[Dataset entries]
BEGIN

Lemma sqnormD_le a b : sqnorm a < +oo -> sqnorm b < +oo ->
  sqnorm (fun i => a i + b i)%R <= ((norm2 a + norm2 b) ^+ 2)%:E.
Proof.
move=> aoo boo.
have weighted c : (0 < c)%R -> sqnorm (fun i => a i + b i)%R <=
    ((1 + c) * norm2 a ^+ 2 + (1 + c^-1) * norm2 b ^+ 2)%:E.
  move=> c0; rewrite EFinD (EFinM (1 + c)) (EFinM (1 + c^-1)) -!sqnorm_norm2 //.
  have c1 : (0 <= 1 + c)%R by rewrite addr_ge0 ?ltW.
  have cV1 : (0 <= 1 + c^-1)%R by rewrite addr_ge0 ?ltW ?invr_gt0.
  rewrite /sqnorm -!ge0_esumZl // => [|i|i]; last 2 first.
  - by rewrite lee_fin sqr_ge0.
  - by rewrite lee_fin sqr_ge0.
  rewrite -esumD => [|i _|i _]; last 2 first.
  - by rewrite -EFinM lee_fin mulr_ge0 ?sqr_ge0.
  - by rewrite -EFinM lee_fin mulr_ge0 ?sqr_ge0.
  by apply: le_esum => i _; rewrite -!EFinM -EFinD lee_fin sqrD_le_weighted.
have abfin : sqnorm (fun i => a i + b i)%R < +oo.
  by apply: le_lt_trans (weighted 1%R ltr01) _; rewrite ltry.
rewrite sqnorm_norm2 // lee_fin.
apply: le_sqrD_of_weighted; rewrite ?norm2_ge0 // => c c0.
by rewrite -lee_fin -sqnorm_norm2 // weighted.
Qed.

Lemma sqnormD_lt_pinfty a b : sqnorm a < +oo -> sqnorm b < +oo ->
  sqnorm (fun i => a i + b i)%R < +oo.
Proof. by move=> aoo boo; apply: le_lt_trans (sqnormD_le aoo boo) _; rewrite ltry. Qed.

Lemma sqnormB_lt_pinfty a b : sqnorm a < +oo -> sqnorm b < +oo ->
  sqnorm (fun i => a i - b i)%R < +oo.
Proof. by move=> aoo boo; apply: sqnormD_lt_pinfty; rewrite ?sqnormN. Qed.

Lemma norm2D_le a b : sqnorm a < +oo -> sqnorm b < +oo ->
  (norm2 (fun i => a i + b i) <= norm2 a + norm2 b)%R.
Proof.
move=> aoo boo; have := sqnormD_le aoo boo.
rewrite sqnorm_norm2 ?sqnormD_lt_pinfty // lee_fin.
by rewrite -ler_sqrt ?sqrtr_sqr ?ger0_norm ?addr_ge0 ?norm2_ge0 ?sqr_ge0.
Qed.

Lemma sqr_norm2B_le a b : sqnorm a < +oo -> sqnorm b < +oo ->
  ((norm2 a - norm2 b) ^+ 2)%:E <= sqnorm (fun i => a i - b i)%R.
Proof.
move=> aoo boo; have abfin := sqnormB_lt_pinfty aoo boo.
have bafin := sqnormB_lt_pinfty boo aoo.
have := norm2D_le abfin boo; have := norm2D_le bafin aoo.
have subK (u v : T -> R) : (fun i => u i - v i + v i)%R = u.
  by apply/funext => i; rewrite subrK.
have -> : norm2 (fun i => b i - a i)%R = norm2 (fun i => a i - b i)%R.
  by rewrite /norm2 -sqnormN; congr (Num.sqrt (fine (sqnorm _))); apply/funext => i; rewrite opprB.
rewrite !subK sqnorm_norm2 // lee_fin; have := norm2_ge0 (fun i => a i - b i)%R.
nra.
Qed.
Lemma eq_poly_nat (R : numDomainType) (p q : {poly R}) :
  (forall x : nat, p.[x%:R] = q.[x%:R]) -> p = q.
Proof.
move=> pq; apply/eqP; rewrite -subr_eq0; apply: contraT => pq_neq0.
pose xs := [seq i%:R | i <- iota 0 (size (p - q))] : seq R.
have xs_roots : all (root (p - q)) xs.
  by apply/allP => _ /mapP[i _ ->]; rewrite /root !hornerE pq subrr.
have xs_uniq : uniq xs.
  by rewrite map_inj_uniq ?iota_uniq // => i j /eqP; rewrite eqr_nat => /eqP.
by have := max_poly_roots pq_neq0 xs_roots xs_uniq; rewrite size_map size_iota ltnn.
Qed.


Section DistinctSums.
Variables (R : comRingType) (U : finType).

Lemma sum_distinct_pairs (g h : U -> R) :
  \sum_x \sum_(y | y != x) g x * h y
  = (\sum_x g x) * (\sum_y h y) - \sum_x g x * h x.
Proof.
rewrite mulr_suml -sumrB; apply: eq_bigr => x _.
by rewrite mulr_sumr [in RHS](bigD1 x) //= addrC addrK.
Qed.

Lemma sum_distinct_triples (w1 w2 w3 : U -> R) :
  \sum_x \sum_(y | y != x) \sum_(z | (z != x) && (z != y)) w1 x * w2 y * w3 z
  = (\sum_x w1 x) * (\sum_x w2 x) * (\sum_x w3 x)
    - (\sum_x w1 x * w2 x) * (\sum_x w3 x) - (\sum_x w1 x * w3 x) * (\sum_x w2 x)
    - (\sum_x w1 x) * (\sum_x w2 x * w3 x) + 2 * \sum_x w1 x * w2 x * w3 x.
Proof.
have sum_avoid2 x y : y != x ->
    \sum_(z | (z != x) && (z != y)) w3 z = \sum_z w3 z - w3 x - w3 y.
  by move=> yx; rewrite [in RHS](bigD1 x) //= [in RHS](bigD1 y) //=; ring.
transitivity ((\sum_z w3 z) * (\sum_x \sum_(y | y != x) w1 x * w2 y)
    - \sum_x \sum_(y | y != x) (w1 x * w3 x) * w2 y
    - \sum_x \sum_(y | y != x) w1 x * (w2 y * w3 y)).
  rewrite mulr_sumr -!sumrB; apply: eq_bigr => x _.
  rewrite mulr_sumr -!sumrB; apply: eq_bigr => y yx.
  by rewrite -mulr_sumr sum_avoid2 //; ring.
rewrite !sum_distinct_pairs.
have -> : \sum_x w1 x * w3 x * w2 x = \sum_x w1 x * w2 x * w3 x.
  by apply: eq_bigr => x _; rewrite mulrAC.
under [\sum_x w1 x * (w2 x * w3 x)]eq_bigr do rewrite mulrA.
ring.
Qed.

Lemma card_distinct_triples (B1 B2 B3 : {set U}) :
  #|[set t : U * U * U | [&& t.1.1 \in B1, t.1.2 \in B2, t.2 \in B3
                           & uniq [:: t.1.1; t.1.2; t.2]]]|%:R
  = #|B1|%:R * #|B2|%:R * #|B3|%:R - #|B1 :&: B2|%:R * #|B3|%:R
    - #|B1 :&: B3|%:R * #|B2|%:R - #|B1|%:R * #|B2 :&: B3|%:R
    + 2 * #|B1 :&: B2 :&: B3|%:R :> R.
Proof.
pose ind (B : {set U}) x : R := (x \in B)%:R.
have sum_ind B : \sum_x ind B x = #|B|%:R by rewrite natr_card_sum.
have indI B C x : ind B x * ind C x = ind (B :&: C) x.
  by rewrite /ind inE -natrM mulnb.
transitivity (\sum_x \sum_(y | y != x) \sum_(z | (z != x) && (z != y))
                ind B1 x * ind B2 y * ind B3 z).
  rewrite natr_card_sum.
  transitivity (\sum_x \sum_y \sum_z
     (((x, y, z) \in [set t : U * U * U | [&& t.1.1 \in B1, t.1.2 \in B2,
         t.2 \in B3 & uniq [:: t.1.1; t.1.2; t.2]]])%:R : R)).
    by rewrite !pair_bigA; apply: eq_bigr => [[[x y] z] _].
  apply: eq_bigr => x _; rewrite [RHS]big_mkcond; apply: eq_bigr => y _.
  case: eqVneq => [-> | yx]; first by rewrite big1 // => z _; rewrite inE /= mem_head !andbF.
  rewrite [RHS]big_mkcond; apply: eq_bigr => z _; rewrite inE /= !inE /ind.
  rewrite (eq_sym x y) (negbTE yx) (eq_sym x z) (eq_sym y z).
  by case: (z == x); case: (z == y); case: (_ \in B1); case: (_ \in B2);
    case: (_ \in B3); rewrite /= ?(mul0r, mulr0, mul1r).
rewrite sum_distinct_triples -!sum_ind; congr (_ - _ * _ - _ * _ - _ * _ + _ * _).
all: by apply: eq_bigr => x _; rewrite !indI.
Qed.

End DistinctSums.

Lemma count_iota_const (m l : nat) (Q : pred nat) (q : bool) :
  (forall j, (m <= j < m + l)%N -> Q j = q) -> count Q (iota m l) = (l * q)%N.
Proof.
move=> Qq; rewrite (@eq_in_count _ _ (fun=> q)) => [|j]; last by rewrite mem_iota => /Qq.
by case: q {Qq}; rewrite ?count_predT ?count_pred0 ?size_iota ?muln1 ?muln0.
Qed.

Section BicliqueColorings.
Variables (a b c d e f n : nat).
Local Notation k := (a + b + c + d + e + f)%N.
Local Notation adj := (@bic_adj a b c d e f).

Definition clique_nbhd (i : nat) : {set 'I_k} :=
  [set j : 'I_k | i \in nbrs3 a b c d e f j].

Definition triangle_at (t : 'I_n * 'I_n * 'I_n) (i : 'I_3) : 'I_n :=
  match val i with 0 => t.1.1 | 1 => t.1.2 | _ => t.2 end.

Definition join_coloring (t : 'I_n * 'I_n * 'I_n) (h : {ffun 'I_k -> 'I_n}) :
    {ffun bic_vert k -> 'I_n} :=
  [ffun x => match x with inl i => triangle_at t i | inr j => h j end].

Lemma join_coloring_bij : bijective (fun p => join_coloring p.1 p.2).
Proof.
exists (fun F : {ffun bic_vert k -> 'I_n} =>
  ((F (inl (@Ordinal 3 0 isT)), F (inl (@Ordinal 3 1 isT)),
    F (inl (@Ordinal 3 2 isT))), [ffun j => F (inr j)])).
  move=> [[[c1 c2] c3] h]; rewrite !ffunE /=.
  by congr (_, _); apply/ffunP => j; rewrite !ffunE.
move=> F; apply/ffunP => [[i|j]]; rewrite !ffunE //.
by case: i => [[|[|[|?]]] Hi] //=; congr (F (inl _)); apply: val_inj.
Qed.

Definition triangle_ok (h : {ffun 'I_k -> 'I_n}) (t : 'I_n * 'I_n * 'I_n) :=
  [&& t.1.1 \in ~: (h @: clique_nbhd 0), t.1.2 \in ~: (h @: clique_nbhd 1),
      t.2 \in ~: (h @: clique_nbhd 2) & uniq [:: t.1.1; t.1.2; t.2]].

Lemma proper_join_coloring t h :
  proper_coloring adj (join_coloring t h) = injectiveb h && triangle_ok h t.
Proof.
have uniq3 (x y z : 'I_n) : uniq [:: x; y; z] = [&& x != y, x != z & y != z].
  by rewrite /= !inE negb_or andbT andbA.
have out_img i cl : (cl \in ~: (h @: clique_nbhd i)) =
                    [forall j : 'I_k, (i \in nbrs3 a b c d e f j) ==> (cl != h j)].
  rewrite inE; apply/idP/forallP => [nin j | nh].
    by apply/implyP => nij; apply: contraNneq nin => ->; apply: imset_f; rewrite inE.
  apply/imsetP => [[j]]; rewrite inE => nij clh.
  by have /implyP/(_ nij) := nh j; rewrite clh eqxx.
case: t => [[c1 c2] c3]; rewrite /triangle_ok uniq3 !out_img /=.
set F := join_coloring _ h.
apply/forallP/andP => [prop | [/injectiveP h_inj /and4P[A0 A1 A2 /and3P[d12 d13 d23]]] x].
  have ne x y : adj x y -> F x != F y.
    by move=> xy; have /implyP := forallP (prop x) y; apply.
  have avoid (i : 'I_3) :
      [forall j : 'I_k,
         (val i \in nbrs3 a b c d e f j) ==> (triangle_at (c1, c2, c3) i != h j)].
    by apply/forallP => j; apply/implyP => nij; have := ne (inl i) (inr j) nij; rewrite !ffunE.
  have ne3 (i i' : nat) (Hi : (i < 3)%N) (Hi' : (i' < 3)%N) : i != i' ->
      triangle_at (c1, c2, c3) (Ordinal Hi) != triangle_at (c1, c2, c3) (Ordinal Hi').
    by move=> ii'; have := ne (inl (Ordinal Hi)) (inl (Ordinal Hi')) ii'; rewrite !ffunE.
  split.
    apply/injectiveP => j j' hjj; apply/eqP/negPn/negP => jj'.
    by have := ne (inr j) (inr j') jj'; rewrite !ffunE hjj eqxx.
  apply/and4P; split; try exact: (avoid (Ordinal _)).
  by apply/and3P; split; [exact: (@ne3 0 1) | exact: (@ne3 0 2) | exact: (@ne3 1 2)].
have avoid (i : 'I_3) (j : 'I_k) : val i \in nbrs3 a b c d e f j -> F (inl i) != F (inr j).
  rewrite !ffunE; case: i => [[|[|[|?]]] Hi] //= => nij.
  - exact: (implyP (forallP A0 j)).
  - exact: (implyP (forallP A1 j)).
  - exact: (implyP (forallP A2 j)).
apply/forallP => y; apply/implyP.
case: x => [i|j]; case: y => [i'|j'] /= xy.
- rewrite !ffunE; case: i xy => [[|[|[|?]]] Hi] //; case: i' => [[|[|[|?]]] Hi'] //= _;
    by rewrite // eq_sym.
- exact: avoid.
- by rewrite eq_sym; apply: avoid.
- by rewrite !ffunE; apply: contra xy => /eqP /h_inj ->.
Qed.
(* For every $n\ge 0$ and every $2^n$-mode raw LOPP-circuit $C$, $$[\![D(C)]\!]\circ\mathfrak G_n=\mathfrak G_n\circ[\![C]\!].$$
   Context: Raw LOPP-circuits. These are terms generated from $\mathrm{ph}(\varphi)$ ($1$ mode), $\mathrm{bs}(\theta)$ ($2$ modes), $\mathrm{id}$ ($1$ mode), $\mathrm{sw}$ ($2$ modes) and the empty circuit ($0$ modes), combined by $\circ$ (same number of modes) and $\otimes$ (stacking, the first factor on top). Their semantics $[\![C]\!]$ is a matrix on $\mathbb C^m$ ($m$ modes), with $[\![C_2\circ C_1]\!]=[\![C_2]\!][\![C_1]\!]$, $[\![C_1\otimes C_2]\!]=[\![C_1]\!]\oplus[\![C_2]\!]$, and: - $[\![\mathrm{ph}(\varphi)]\!]=(e^{i\varphi})$; - $[\![\mathrm{bs}(\theta)]\!]=\begin{pmatrix}\cos\theta&i\sin\theta\\i\sin\theta&\cos\theta\end{pmatrix}$; - $[\![\mathrm{sw}]\!]=\begin{pmatrix}0&1\\1&0\end{pmatrix}$; - $[\![\mathrm{id}]\!]=(1)$. Gray code. $G_0(0)=\epsilon$, and $G_n(k)=0G_{n-1}(k)$ if $k<2^{n-1}$, while $G_n(k)=1G_{n-1}(2^n-1-k)$ if $k\ge2^{n-1}$. The map $\mathfrak G_n:\mathbb C^{2^n}\to\mathbb C^{\{0,1\}^n}$ is $|k\rangle\mapsto|G_n(k)\rangle$. For $0\le k\le 2^n-2$, define bit strings $x_{k,n},y_{k,n}$ as follows: - if $k=2j$, then $x_{k,n}=G_{n-1}(j)$ and $y_{k,n}=\epsilon$; - if $k=2j+1$, write $G_n(k)=w\,a\,1\,0^q$ with $q\in\{0,\dots,n-2\}$, $a\in\{0,1\}$, $w\in\{0,1\}^{n-q-2}$, and set $x_{k,n}=w$ and $y_{k,n}=10^q$. Controlled operators. For bit strings $x,y$ with $|x|+|y|=n-1$ and a $2\times2$ matrix $A$, let $\Lambda^x_yA$ be the operator on $\mathbb C^{\{0,1\}^n}$ with $$\Lambda^x_yA\,|u,a,v\rangle=\begin{cases}|u\rangle\otimes A|a\rangle\otimes|v\rangle&\text{if }uv=xy,\\ |u,a,v\rangle&\text{otherwise},\end{cases}$$ where $|u|=|x|$ and $|v|=|y|$. For $z\in\{0,1\}^n$, let $\Lambda^z s(\varphi)$ multiply $|z\rangle$ by $e^{i\varphi}$ and fix every other basis vector. Decoding semantics. For a raw LOPP-circuit $C$ on $\ell$ modes and $k$ with $k+\ell\le2^n$, define an operator $[\![D_{k,n}(C)]\!]$ on $\mathbb C^{\{0,1\}^n}$ inductively: - $[\![D_{k,n}(C_1\otimes C_2)]\!]=[\![D_{k+\ell_1,n}(C_2)]\!]\,[\![D_{k,n}(C_1)]\!]$, where $C_1$ has $\ell_1$ modes; - $[\![D_{k,n}(C_2\circ C_1)]\!]=[\![D_{k,n}(C_2)]\!]\,[\![D_{k,n}(C_1)]\!]$; - $\mathrm{id}$ and the empty circuit give the identity; - $[\![D_{k,n}(\mathrm{ph}(\varphi))]\!]=\Lambda^{G_n(k)}s(\varphi)$; - $[\![D_{k,n}(\mathrm{sw})]\!]=\Lambda^{x_{k,n}}_{y_{k,n}}X$ with $X=\begin{pmatrix}0&1\\1&0\end{pmatrix}$; - $[\![D_{k,n}(\mathrm{bs}(\theta))]\!]=\Lambda^{x_{k,n}}_{y_{k,n}}R_X(-2\theta)$, where $R_X(\alpha)=\begin{pmatrix}\cos\frac\alpha2&-i\sin\frac\alpha2\\-i\sin\frac\alpha2&\cos\frac\alpha2\end{pmatrix}$. Finally $[\![D(C)]\!]:=[\![D_{0,n}(C)]\!]$. This is the semantics of the decoded quantum circuit $D(C)$. *)

From HB Require Import structures.
From mathcomp Require Import all_boot all_order all_algebra.
From mathcomp Require Import reals trigo.
From mathcomp Require Import complex.
Set Implicit Arguments. Unset Strict Implicit. Unset Printing Implicit Defensive.
Import Order.TTheory GRing.Theory Num.Theory.
Local Open Scope ring_scope.

Section LOPP.
Variable R : realType.
Local Notation C := R[i].

Definition expi (phi : R) : C := (cos phi +i* sin phi)%C.

Inductive circ : nat -> Type :=
| Ph : R -> circ 1
| Bs : R -> circ 2
| Idc : circ 1
| Sw : circ 2
| Empty : circ 0
| Comp : forall m, circ m -> circ m -> circ m
| Tens : forall m1 m2, circ m1 -> circ m2 -> circ (m1 + m2).
    (* Tens C1 C2 denotes C1 \otimes C2, C1 on top *)

Definition bs_mx (theta : R) : 'M[C]_2 :=
  \matrix_(i < 2, j < 2)
    (if i == j then (cos theta +i* 0)%C else (0 +i* sin theta)%C).

Definition sw_mx : 'M[C]_2 := \matrix_(i < 2, j < 2) (i != j)%:R.

Fixpoint sem m (c : circ m) : 'M[C]_m :=
  match c in circ m return 'M[C]_m with
  | Ph phi => (expi phi)%:M
  | Bs theta => bs_mx theta
  | Idc => 1%:M
  | Sw => sw_mx
  | Empty => 1%:M
  | @Comp _ c2 c1 => sem c2 *m sem c1
  | @Tens _ _ c1 c2 => block_mx (sem c1) 0 0 (sem c2)
  end.

(* bit strings are seq bool, written left to right; false = 0, true = 1 *)
Fixpoint gray (n k : nat) : seq bool :=
  match n with
  | 0 => [::]
  | n'.+1 => if (k < 2 ^ n')%N then false :: gray n' k
             else true :: gray n' (2 ^ n - 1 - k)
  end.

(* x_{k,n} and y_{k,n}.  For k odd, G_n(k) = w a 1 0^q where q is the number
   of trailing zeros (index of the last 1 counted from the right). *)
Definition trail0 (s : seq bool) : nat := index true (rev s).

Definition xkn (k n : nat) : seq bool :=
  if ~~ odd k then gray n.-1 k./2
  else take (n - trail0 (gray n k) - 2) (gray n k).

Definition ykn (k n : nat) : seq bool :=
  if ~~ odd k then [::]
  else true :: nseq (trail0 (gray n k)) false.

(* An operator from C^I to C^J is given by its matrix J -> I -> C
   (entry (z, w) = <z| A |w>). *)
Definition op (I J : finType) := J -> I -> C.

Definition opcomp (I J K : finType) (A : op J K) (B : op I J) : op I K :=
  fun z w => \sum_(u : J) A z u * B u w.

END

--- DIRECTIONS FOR THIS TASK ---
Among the lines above, the ones holding the word "congr" must be counted; only that count is to be given.

--- RESPONSE BOX ---
4